Mire el cuadro y mi cabeza explotó. Inmediatamente me di cuenta de que todo lo que Madame Couturrie pintaba se convertía en realidad. Pasteles, óleos o tintas chinas. Sería un mecanismo pactado con el diablo, una premonición angelical, o la proyección aurea de su personalidad. Mi asombro fue mayúsculo cuando observé que todas las fotografías que había visto sobre el piano tenían réplica exacta en los lienzos, cartulinas y papeles que ella guardaba celosamente en la torre del último piso de palacio. Los cuadros tenían fecha y firma anteriores a los hechos que las fotografías narraban. No me pregunten cómo un niño de apenas nueve años pudo darse cuenta. Intuición o miedo, percepción o sensación. El 4 de septiembre de 1968 yo había visto ganar a Corky el Grand Derby por la televisión, y delante de mí tenía la misma imagen pintada con fecha, 4 de septiembre de 1965.
Jamás he revelado el gran secreto de Madame Couturrie, hasta hoy. Como tampoco nunca permití que Madame Couturrie se hiciera ninguna fotografía conmigo o con mis padres. Y tengo la certeza de que los sirvientes no eran motivo de su pintura. No en vano, estos cumplían sus órdenes a rajatabla.

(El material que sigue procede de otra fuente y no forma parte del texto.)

(* In the setting described in the context, when $d\zeta_0''$ is expanded in the basis of 2-forms built from the coframe $\{\rho_0,\kappa_0',\zeta_0'',\bar\kappa_0',\bar\zeta_0''\}$, its coefficient of $\rho_0\wedge\bar\zeta_0''$ vanishes identically on $M$. (Explicitly, this coefficient equals $-i\,\frac{\overline{\mathcal L}_1(\bar k)}{\mathcal L_1(\bar k)}H_0-i\,\frac{\overline{\mathcal K}(H_0)}{\mathcal L_1(\bar k)}-i\,H_0\,\frac{\overline{\mathcal L}_1(\bar k)}{\mathcal L_1(\bar k)}$, and this is $\equiv0$.)
   Context: Let $M\subset\mathbb C^3$ be a real-analytic real hypersurface, considered locally near a point, represented in holomorphic coordinates $(z_1,z_2,w)$, $w=u+iv$, as a graph $u=F(z_1,z_2,\bar z_1,\bar z_2,v)$; $(z_1,z_2,\bar z_1,\bar z_2,v)$ are coordinates on $M$. Bars denote complex conjugation. Put $A^j:=-iF_{z_j}/(1+iF_v)$, $\mathcal L_j:=\partial_{z_j}+A^j\partial_v$ ($j=1,2$). Let $\ell:=i(\mathcal L_1(\overline{A^1})-\overline{\mathcal L}_1(A^1))$, assumed nowhere zero. Assume the Levi form has constant rank 1, let $k:=-(\mathcal L_2(\overline{A^1})-\overline{\mathcal L}_1(A^2))/(\mathcal L_1(\overline{A^1})-\overline{\mathcal L}_1(A^1))$, $\mathcal K:=k\mathcal L_1+\mathcal L_2$, $\overline{\mathcal K}=\bar k\overline{\mathcal L}_1+\overline{\mathcal L}_2$, and assume $\overline{\mathcal L}_1(k)$ vanishes nowhere (2-nondegeneracy). Let $P:=(\ell_{z_1}+A^1\ell_v-\ell A^1_v)/\ell$, $B_0:=\overline{\mathcal L}_1(\overline{\mathcal L}_1(k))/\overline{\mathcal L}_1(k)-\overline P$, and $H_0:=-\tfrac16\tfrac{\overline{\mathcal L}_1(\overline{\mathcal L}_1(\overline{\mathcal L}_1(k)))}{\overline{\mathcal L}_1(k)}+\tfrac29\tfrac{\overline{\mathcal L}_1(\overline{\mathcal L}_1(k))^2}{\overline{\mathcal L}_1(k)^2}+\tfrac1{18}\tfrac{\overline{\mathcal L}_1(\overline{\mathcal L}_1(k))\overline P}{\overline{\mathcal L}_1(k)}+\tfrac16\overline{\mathcal L}_1(\overline P)-\tfrac19\overline P^{\,2}$. Define the 1-forms on $M$: $\rho_0:=\ell^{-1}(dv-A^1dz_1-A^2dz_2-\overline{A^1}d\bar z_1-\overline{A^2}d\bar z_2)$, $\kappa_0':=dz_1-k\,dz_2+\tfrac i3B_0\rho_0$, $\zeta_0'':=\overline{\mathcal L}_1(k)\,dz_2+iH_0\,\rho_0$, and their conjugates; $\{\rho_0,\kappa_0',\zeta_0'',\bar\kappa_0',\bar\zeta_0''\}$ is a coframe of $\mathbb C\otimes TM$. *)

From Stdlib Require Import Reals List.
From Coquelicot Require Import Coquelicot.
Open Scope R_scope.

(* Points of M, in the real coordinates (x1,y1,x2,y2,v), z_j = x_j + i y_j. *)
Record pt := mkpt { px1 : R; py1 : R; px2 : R; py2 : R; pv : R }.

Definition getc (p : pt) (i : nat) : R :=
  match i with
  | 0%nat => px1 p | 1%nat => py1 p | 2%nat => px2 p | 3%nat => py2 p | _ => pv p
  end.

Definition setc (p : pt) (i : nat) (t : R) : pt :=
  match i with
  | 0%nat => mkpt t (py1 p) (px2 p) (py2 p) (pv p)
  | 1%nat => mkpt (px1 p) t (px2 p) (py2 p) (pv p)
  | 2%nat => mkpt (px1 p) (py1 p) t (py2 p) (pv p)
  | 3%nat => mkpt (px1 p) (py1 p) (px2 p) t (pv p)
  | _ => mkpt (px1 p) (py1 p) (px2 p) (py2 p) t
  end.

Definition rpartial (i : nat) (f : pt -> R) (p : pt) : R :=
  Derive (fun t => f (setc p i t)) (getc p i).

Definition near_pt (p q : pt) (d : R) : Prop :=
  forall i, (i < 5)%nat -> Rabs (getc q i - getc p i) < d.

Definition open_pt (U : pt -> Prop) : Prop :=
  forall p, U p -> exists d, 0 < d /\ forall q, near_pt p q d -> U q.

Como muchos de ustedes sabrán los pioneros de la fotografía americana tuvieron grandes dificultades para retratar a los indios. En ellos está muy arraigada la creencia de que un retrato no es tan solo una imagen sino un alma robaba. Basta con pintar a tu enemigo en la arena para que la fuerza del signo gráfico se transporte a la realidad. Los chamanes indios curan enfermedades que ningún médico de hoy podría explicar. Madame Couturrie, americana, hija de embajadores, sobreviviente de dos guerras mundiales, bisnieta del Chaman Ojo Perlado, y descendiente en sangre de la gran tribu de los Paiute, tampoco, nunca jamás, revelo su secreto.
Por mí, no se preocupen. Ni tengo dotes para la pintura, ni por mis venas corre sangre de las praderas.